LISTED RECORDS =
(* For every integer $\Delta\ge 3$ and every integer $g\ge 3$, there exists a $\Delta$-regular bipartite graph $G$ with girth at least $g$ such that $\chi'_{inj}(G)\ge \Delta$.
   Context: All graphs are finite and simple. An edge coloring of a graph $G$ (not necessarily proper) is \emph{injective} if any two distinct edges $e,f$ receive distinct colors whenever either (i) $e$ and $f$ share no vertex and some edge of $G$ joins an endpoint of $e$ to an endpoint of $f$, or (ii) $e$ and $f$ lie in a common triangle of $G$. The injective chromatic index $\chi'_{inj}(G)$ is the minimum number of colors in an injective edge coloring of $G$. *)

From mathcomp Require Import all_boot.
Set Implicit Arguments. Unset Strict Implicit. Unset Printing Implicit Defensive.

Definition simple_graph (T : finType) (e : rel T) : Prop :=
  symmetric e /\ irreflexive e.

Definition is_edge (T : finType) (e : rel T) (f : {set T}) : bool :=
  [exists x, exists y, e x y && (f == [set x; y])].

Definition regular (T : finType) (e : rel T) (d : nat) : Prop :=
  forall x : T, #|[set y | e x y]| = d.

Definition bipartite (T : finType) (e : rel T) : Prop :=
  exists A : {set T}, forall x y, e x y -> (x \in A) != (y \in A).

(* girth >= g : every cycle (closed walk on >= 3 distinct vertices) has length >= g.
   Acyclic graphs have infinite girth and satisfy this for all g. *)
Definition girth_at_least (T : finType) (e : rel T) (g : nat) : Prop :=
  forall p : seq T, uniq p -> 3 <= size p -> cycle e p -> g <= size p.

(* Injective edge coloring with colours 'I_k (only the values on edges matter):
   distinct edges f1, f2 get distinct colours whenever (i) they are disjoint and
   some edge joins an endpoint of f1 to an endpoint of f2, or (ii) they lie in a
   common triangle {a, b, z}. *)
Definition injective_edge_coloring (T : finType) (e : rel T) (k : nat)
  (c : {ffun {set T} -> 'I_k}) : bool :=
  [forall f1 : {set T}, forall f2 : {set T},
    [&& is_edge e f1, is_edge e f2, f1 != f2 &
      ( ([disjoint f1 & f2] && [exists u in f1, exists v in f2, e u v])
        || [exists a, exists b, exists z,
              [&& e a b, e b z, e a z & f1 :|: f2 == [set a; b; z]]] )]
    ==> (c f1 != c f2)].

Definition inj_edge_colorable (T : finType) (e : rel T) (k : nat) : bool :=
  [exists c : {ffun {set T} -> 'I_k}, injective_edge_coloring e c].

Lemma inj_edge_colorable_exists (T : finType) (e : rel T) :
  exists k, inj_edge_colorable e k.
Proof.
exists #|{set T}|; apply/existsP; exists [ffun A => enum_rank A].
apply/forallP => f1; apply/forallP => f2; apply/implyP => /and4P [_ _ ne _].
by rewrite !ffunE; apply: contra ne => /eqP /enum_rank_inj ->.
Qed.

Definition inj_chromatic_index (T : finType) (e : rel T) : nat :=
  ex_minn (inj_edge_colorable_exists e).

From mathcomp Require Import all_boot.
From mathcomp Require Import fingroup perm zify.
Set Implicit Arguments. Unset Strict Implicit. Unset Printing Implicit Defensive.

(* The graph has two copies of a group as its sides, h being joined to h s_i,
   where the Delta generators s_i are such that no nonempty reduced word of
   length < g evaluates to 1. It is Delta-regular and bipartite, and a cycle of
   length < g would spell such a word. A suitable group is generated by
   permutations of the reduced words of length < g: s_i extends right
   multiplication by the i-th free generator.

   For the lower bound, take an injective edge colouring of a triangle-free
   Delta-regular graph with edge set E; let colour j have e_j edges and cover
   the vertex set V_j. Every edge inside V_j has colour j, and colour j is a
   star forest, so e_j < |V_j|. Counting edge ends at V_j gives
   Delta |V_j| <= |E| + e_j, hence (Delta - 1) e_j < |E| when e_j > 0.
   Summing over the k colours, (Delta - 1) |E| < k |E|. *)

Lemma perm_extend (T : finType) (A : {pred T}) (f : T -> T) :
  {in A &, injective f} -> {s : {perm T} | {in A, s =1 f}}.
Proof.
move=> injf; suff [s sf] : {s : {perm T} | {in enum A, s =1 f}}.
  by exists s => x xA; apply: sf; rewrite mem_enum.
have : {subset enum A <= A} by move=> x; rewrite mem_enum.
elim: (enum A) => [|x r IH] rA; first by exists 1%g.
have /IH [s sf] : {subset r <= A} by move=> y yr; apply: rA; rewrite inE yr orbT.
have [xr | xNr] := boolP (x \in r).
  by exists s => z /predU1P [->|]; apply: sf.
exists (s * tperm (s x) (f x))%g => z; rewrite inE => /predU1P [-> | zr].
  by rewrite permM tpermL.
have zx : z != x by apply: contraNneq xNr => <-.
have fzx : f x != f z.
  by apply: contra zx => /eqP/injf-> //; rewrite ?rA ?mem_head // inE zr orbT.
have sxfz : s x != f z by rewrite -(sf z zr) (inj_eq perm_inj) eq_sym.
by rewrite permM (sf z zr) tpermD.
Qed.

Lemma nth_closed_walk_neq (T : eqType) (x : T) (p : seq T) t :
  uniq (x :: p) -> 1 < size p -> t < size p ->
  nth x (x :: rcons p x) t != nth x (x :: rcons p x) t.+2.
Proof.
move=> up p_gt1 tp.
have nthE n : n <= size p -> nth x (x :: rcons p x) n = nth x (x :: p) n.
  by move=> np; rewrite -rcons_cons nth_rcons /= ltnS np.
rewrite nthE ?(ltnW tp) //; have [t2p | pt] := leqP t.+2 (size p).
  by rewrite nthE // nth_uniq //=; lia.
have tp1 : t.+1 = size p by lia.
rewrite -rcons_cons nth_rcons /= -tp1 ltnn eqxx -[x in _ != x]/(nth x (x :: p) 0).
by rewrite nth_uniq //=; lia.
Qed.

Lemma card_gt1_neq (T : finType) (A : {pred T}) y : 1 < #|A| -> exists2 z, z \in A & z != y.
Proof.
case/card_gt1P => a [b [aA bA ab]]; have [ay|] := eqVneq a y; last by exists a.
by exists b; rewrite // -ay eq_sym.
Qed.

Section ReducedWords.
Variable I : eqType.

Definition inv_letter (a : I * bool) : I * bool := (a.1, ~~ a.2).

Lemma inv_letterK : involutive inv_letter.
Proof. by case=> i b; rewrite /inv_letter negbK. Qed.

Lemma eq_inv_letterC a b : (a == inv_letter b) = (b == inv_letter a).
Proof. by apply/eqP/eqP => ->; rewrite inv_letterK. Qed.

Lemma inv_letter_neq a : a != inv_letter a.
Proof. by case: a => i b; rewrite /inv_letter xpair_eqE eqxx; case: b. Qed.

Definition reduced (w : seq (I * bool)) := sorted (fun a b => b != inv_letter a) w.

Lemma reduced_rcons w a :
  reduced (rcons w a) = reduced w && (a != inv_letter (last a w)).
Proof. by case: w => [|b w] /=; rewrite ?rcons_path ?inv_letter_neq. Qed.

Definition push a w :=
  if last a w == inv_letter a then take (size w).-1 w else rcons w a.

Lemma push_rcons a w : reduced (rcons w a) -> push a w = rcons w a.
Proof. by rewrite reduced_rcons eq_inv_letterC /push => /andP [_ /negbTE ->]. Qed.

Lemma push_inv a w : push a (rcons w (inv_letter a)) = w.
Proof. by rewrite /push last_rcons eqxx size_rcons -cats1 take_size_cat. Qed.

Lemma pushK a w : reduced w -> push (inv_letter a) (push a w) = w.
Proof.
rewrite {2}/push; case: eqP => [lw | _] rw; last first.
  by rewrite -{2}[a]inv_letterK push_inv.
case/lastP: w lw rw => [/eqP | u b]; first by rewrite (negbTE (inv_letter_neq a)).
rewrite last_rcons => -> rw.
by rewrite size_rcons -cats1 take_size_cat // cats1 push_rcons.
Qed.

End ReducedWords.

Section WordEval.
Local Open Scope group_scope.
Variables (gT : finGroupType) (I : eqType) (s : I -> gT).

Definition gen (a : I * bool) : gT := if a.2 then (s a.1)^-1 else s a.1.

Definition eval (w : seq (I * bool)) : gT := \prod_(a <- w) gen a.

Definition free_upto (R : nat) :=
  forall w, reduced w -> size w <= R -> eval w = 1 -> w = [::].

Lemma gen_inv_letter a : gen a * gen (inv_letter a) = 1.
Proof. by case: a => i [|]; rewrite /gen /= ?mulVg ?mulgV. Qed.

Lemma free_upto_inj R : 1 < R -> free_upto R -> injective s.
Proof.
move=> R_gt1 free i j sij; apply/eqP; apply: contraT => ij.
have rw : reduced [:: (i, false); (j, true)].
  by rewrite /reduced /= andbT /inv_letter xpair_eqE eq_sym (negbTE ij).
have := free _ rw R_gt1.
by rewrite /eval !big_cons big_nil /gen /= sij mulg1 mulgV => /(_ erefl).
Qed.

End WordEval.

Section FreePermutations.
Variables (I : finType) (R : nat).
Local Notation word := {bseq R of I * bool}.

Definition push_dom (a : I * bool) : {pred word} :=
  [pred w : word | reduced w && ((size w < R) || (last a w == inv_letter a))].

Definition push_word a (w : word) : word := insub_bseq R (push a w).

THE PROBLEM =
Whatever else the listing above holds, retype exactly only the lines from the one containing "rewrite nthE ?(ltnW" to the one containing "Lemma inv_letter_neq a : a != inv_letter a.", both ends kept.

EXERCISE SOLUTION =
rewrite nthE ?(ltnW tp) //; have [t2p | pt] := leqP t.+2 (size p).
  by rewrite nthE // nth_uniq //=; lia.
have tp1 : t.+1 = size p by lia.
rewrite -rcons_cons nth_rcons /= -tp1 ltnn eqxx -[x in _ != x]/(nth x (x :: p) 0).
by rewrite nth_uniq //=; lia.
Qed.

Lemma card_gt1_neq (T : finType) (A : {pred T}) y : 1 < #|A| -> exists2 z, z \in A & z != y.
Proof.
case/card_gt1P => a [b [aA bA ab]]; have [ay|] := eqVneq a y; last by exists a.
by exists b; rewrite // -ay eq_sym.
Qed.

Section ReducedWords.
Variable I : eqType.

Definition inv_letter (a : I * bool) : I * bool := (a.1, ~~ a.2).

Lemma inv_letterK : involutive inv_letter.
Proof. by case=> i b; rewrite /inv_letter negbK. Qed.

Lemma eq_inv_letterC a b : (a == inv_letter b) = (b == inv_letter a).
Proof. by apply/eqP/eqP => ->; rewrite inv_letterK. Qed.

Lemma inv_letter_neq a : a != inv_letter a.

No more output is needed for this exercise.